Зам читал, а начальник, скользя по этой галиматье краем уха, продолжал развивать свои подозрения: «Ну, понятно, что человек в нашей системе не работавший, всякие залепухи должен толкать по незнанию. Но не столько же всего сразу, не такую же туфтень. Во всем мужик перегибает. Даже со своей контузией».

— Вы согласны с этим пунктом? — оторвался от блокнота Родионов и глянул, будто на нераскрытого врага народа.

— Я-то, может, и согласен, но… — начальник пошевелил свое грузное тело, и стул под ним вскрипнул от боли, — но есть руководство. Вы все пункты прошли?
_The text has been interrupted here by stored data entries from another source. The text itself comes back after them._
(* Let $\mathcal G$ be a finite connected groupoid and $\alpha=(S_g,\alpha_g)_{g\in\mathcal G}$ a unital group-type partial action of $\mathcal G$ on a commutative ring $S=\bigoplus_{y\in\mathcal G_0}S_y$, with $S_g=S1_g$ and $1_g\neq0$ for all $g$. Suppose $S$ is an $\alpha$-partial Galois extension of $R=S^{\alpha_{\mathcal G}}$. Let $\mathcal H\in\mathrm{wSub}_\alpha(\mathcal G)$ and $T=S^{\alpha_{\mathcal H}}$. Then (i) $T$ is $R$-separable and $\alpha$-strong, and (ii) $\mathcal G_T=\mathcal H$.
   Context: A groupoid is a small category with all morphisms invertible; $\mathcal G_0$ is its object set (identified with identity morphisms), $s(g),t(g)$ source and target, $\mathcal G(x,y)=\{g:s(g)=x,t(g)=y\}$, $\mathcal G(x)=\mathcal G(x,x)$; $gh$ defined iff $s(g)=t(h)$; connected means all $\mathcal G(x,y)\ne\emptyset$; connected components are full subgroupoids on classes of $x\sim y\iff\mathcal G(x,y)\neq\emptyset$; wide means containing all objects. A partial action $\alpha=(S_g,\alpha_g)_{g\in\mathcal G}$ on a ring $S$: for each $g$, $S_{t(g)}$ is an ideal of $S$, $S_g$ an ideal of $S_{t(g)}$, $\alpha_g:S_{g^{-1}}\to S_g$ a ring isomorphism; $\alpha_x=\mathrm{id}_{S_x}$; for composable $(g,h)$, $\alpha_h^{-1}(S_{g^{-1}}\cap S_h)\subseteq S_{(gh)^{-1}}$ and $\alpha_g\alpha_h(a)=\alpha_{gh}(a)$ there. Unital: $S_g=S1_g$, $1_g$ central idempotent. A partial action of a connected groupoid $\mathcal K$ on $A=\bigoplus_{y\in\mathcal K_0}A_y$ is group-type if there are $x\in\mathcal K_0$ and $\tau_y\in\mathcal K(x,y)$ ($\tau_x=x$) with $A_{\tau_y^{-1}}=A_x$, $A_{\tau_y}=A_y$ for all $y$; for non-connected $\mathcal K$, if each restriction to a connected component is group-type. For a subgroupoid $\mathcal H$, $\alpha_{\mathcal H}=(S_h,\alpha_h)_{h\in\mathcal H}$ acts on $\bigoplus_{z\in\mathcal H_0}S_z$; $\mathrm{wSub}_\alpha(\mathcal G)$ is the set of wide subgroupoids $\mathcal H$ with $\alpha_{\mathcal H}$ group-type. $S^{\alpha_{\mathcal K}}=\{a\in S:\alpha_k(a1_{k^{-1}})=a1_k\ \forall k\in\mathcal K\}$. $S$ is an $\alpha$-partial Galois extension of $R=S^{\alpha_{\mathcal G}}$ if there exist $m\ge1$, $a_i,b_i\in S$ with $\sum_{i=1}^m a_i\alpha_g(b_i1_{g^{-1}})=\delta_{z,g}1_z$ for all $z\in\mathcal G_0$, $g\in\mathcal G$ (i.e. $1_g$ if $g\in\mathcal G_0$, $0$ otherwise). For a subring $T$, $\mathcal G_T=\{g\in\mathcal G:\alpha_g(t1_{g^{-1}})=t1_g\ \forall t\in T\}$ and $\mathcal G(y)_{B}$ is defined likewise inside $\mathcal G(y)$ for $B\subseteq S_y$. $T$ is $R$-separable if the unital extension $R\subseteq T$ is separable (the multiplication $T\otimes_RT\to T$ splits as $T$-bimodules). For $y\in\mathcal G_0$, $T_y=T1_y$ is $\alpha_{\mathcal G(y,z)}$-strong if for any $g,h\in\mathcal G(y,z)$ with $g^{-1}h\notin\mathcal G(y)_{T_y}$ and any non-zero idempotent $e\in S_g\cup S_h$ there is $t_y\in T_y$ with $\alpha_g(t_y1_{g^{-1}})e\ne\alpha_h(t_y1_{h^{-1}})e$; $T$ is $\alpha$-strong if $T_y$ is $\alpha_{\mathcal G(y,z)}$-strong for all $y,z$. *)

From HB Require Import structures.
From mathcomp Require Import all_boot all_order all_algebra.
Set Implicit Arguments. Unset Strict Implicit. Unset Printing Implicit Defensive.
Import GRing.Theory.
Local Open Scope ring_scope.

(* A finite groupoid: objects are identified with identity morphisms
   (the elements x with src x = x).  The composition gmul g h is only
   meaningful when src g = tgt h (it is a total function with arbitrary
   values elsewhere). *)
Record groupoid := Groupoid {
  gcar :> finType;
  src : gcar -> gcar;
  tgt : gcar -> gcar;
  gmul : gcar -> gcar -> gcar;
  ginv : gcar -> gcar;
  src_src : forall g, src (src g) = src g;
  tgt_src : forall g, tgt (src g) = src g;
  src_tgt : forall g, src (tgt g) = tgt g;
  tgt_tgt : forall g, tgt (tgt g) = tgt g;
  src_mul : forall g h, src g = tgt h -> src (gmul g h) = src h;
  tgt_mul : forall g h, src g = tgt h -> tgt (gmul g h) = tgt g;
  mulA : forall g h k, src g = tgt h -> src h = tgt k ->
           gmul g (gmul h k) = gmul (gmul g h) k;
  mul_tgt : forall g, gmul (tgt g) g = g;
  mul_src : forall g, gmul g (src g) = g;
  src_inv : forall g, src (ginv g) = tgt g;
  tgt_inv : forall g, tgt (ginv g) = src g;
  mulV : forall g, gmul g (ginv g) = tgt g;
  mulVg : forall g, gmul (ginv g) g = src g
}.

Section Defs.
Variable G : groupoid.

Definition obj (x : G) : bool := src x == x.

Definition gconnected : Prop :=
  forall x y : G, obj x -> obj y -> exists g : G, src g = x /\ tgt g = y.

Definition subgroupoid (H : {set G}) : Prop :=
  (forall g h, g \in H -> h \in H -> src g = tgt h -> gmul g h \in H) /\
  (forall g, g \in H -> ginv g \in H).
Definition wide (H : {set G}) : Prop := forall x, obj x -> x \in H.

Definition hconn (H : {set G}) (x y : G) : Prop :=
  exists2 h, h \in H & src h = x /\ tgt h = y.

Variable S : comNzRingType.
Variable one : G -> S.          (* g |-> 1_g, S_g = S 1_g *)
Variable alpha : G -> S -> S.   (* alpha g, meaningful on S_{g^-1} *)

Definition unital_partial_action : Prop :=
  (forall g, one g * one g = one g) /\
  (* S_g is an ideal of S_{t(g)} *)
  (forall g, one g * one (tgt g) = one g) /\
  (* S = (+)_{y in G_0} S_y (internal direct sum of the ideals S 1_y) *)
  (\sum_(y : G | obj y) one y = 1) /\
  (forall x y, obj x -> obj y -> x != y -> one x * one y = 0) /\
  (* alpha_g : S_{g^-1} -> S_g is a ring isomorphism *)
  (forall g a b, alpha g (a * one (ginv g) + b * one (ginv g)) =
                 alpha g (a * one (ginv g)) + alpha g (b * one (ginv g))) /\
  (forall g a b, alpha g ((a * one (ginv g)) * (b * one (ginv g))) =
                 alpha g (a * one (ginv g)) * alpha g (b * one (ginv g))) /\
  (forall g a, alpha g (a * one (ginv g)) * one g = alpha g (a * one (ginv g))) /\
  (forall g a b, alpha g (a * one (ginv g)) = alpha g (b * one (ginv g)) ->
                 a * one (ginv g) = b * one (ginv g)) /\
  (forall g b, exists a, alpha g (a * one (ginv g)) = b * one g) /\
  (forall x a, obj x -> alpha x (a * one x) = a * one x) /\
  (forall g h a, src g = tgt h ->
     alpha h (a * one (ginv h)) * one (ginv g) = alpha h (a * one (ginv h)) ->
     (a * one (ginv h)) * one (ginv (gmul g h)) = a * one (ginv h) /\
     alpha g (alpha h (a * one (ginv h))) = alpha (gmul g h) (a * one (ginv h))).

(* alpha restricted to H is group-type: on every connected component of H
   (represented by any of its objects z) there are an object x and
   tau_y in H(x,y) with tau_x = x, 1_{tau_y^-1} = 1_x and 1_{tau_y} = 1_y. *)
Definition group_type_on (H : {set G}) : Prop :=
  forall z, obj z -> exists x, [/\ obj x, hconn H z x &
    exists tau : G -> G, tau x = x /\
      forall y, obj y -> hconn H x y ->
        [/\ tau y \in H, src (tau y) = x, tgt (tau y) = y,
            one (ginv (tau y)) = one x & one (tau y) = one y]].

Definition wSub (H : {set G}) : Prop :=
  [/\ subgroupoid H, wide H & group_type_on H].

Definition fixed_ring (K : {set G}) (a : S) : Prop :=
  forall k, k \in K -> alpha k (a * one (ginv k)) = a * one k.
Начальник и зам держались на «вы». Начальника это выводило из себя. Не привык от кому-то на своей земле выкать. Зам же избегал всякого товарищества, подчеркнуто держался на дистанции. К тому же и водку не пил. Или делал вид, что не пьет. Сволочь уставная.

— Еще пять пунктов.

— Ну, ну, — начальник потянулся к пачке «Кэмела». Вспомнилось ни к селу, ни к городу, как позавчера, прослышав, что сука Альма ощенилась, зам сбежал с развода караула. Ну это то как раз бзик простительный. У Холмогорова и свой задвиг имеется.

А вообще поведение Чеченца породили в изоляторе шепоток, что, дескать, нынешнему куму готовят смену. Дескать, сейчас новичок въедет что, куда и зачем в этих «Углах», после его усадят на кумовство, в замы он возьмет кого-то из фронтовых дружков, а нынешнего начальника выставят на пенсию. Но начальник СИЗО Холмогоров эти домыслы не разделял. И не потому, что не желал верить в печальный для себя исход. Нет, он просто предполагал, что появлению Чеченца есть иное объяснение.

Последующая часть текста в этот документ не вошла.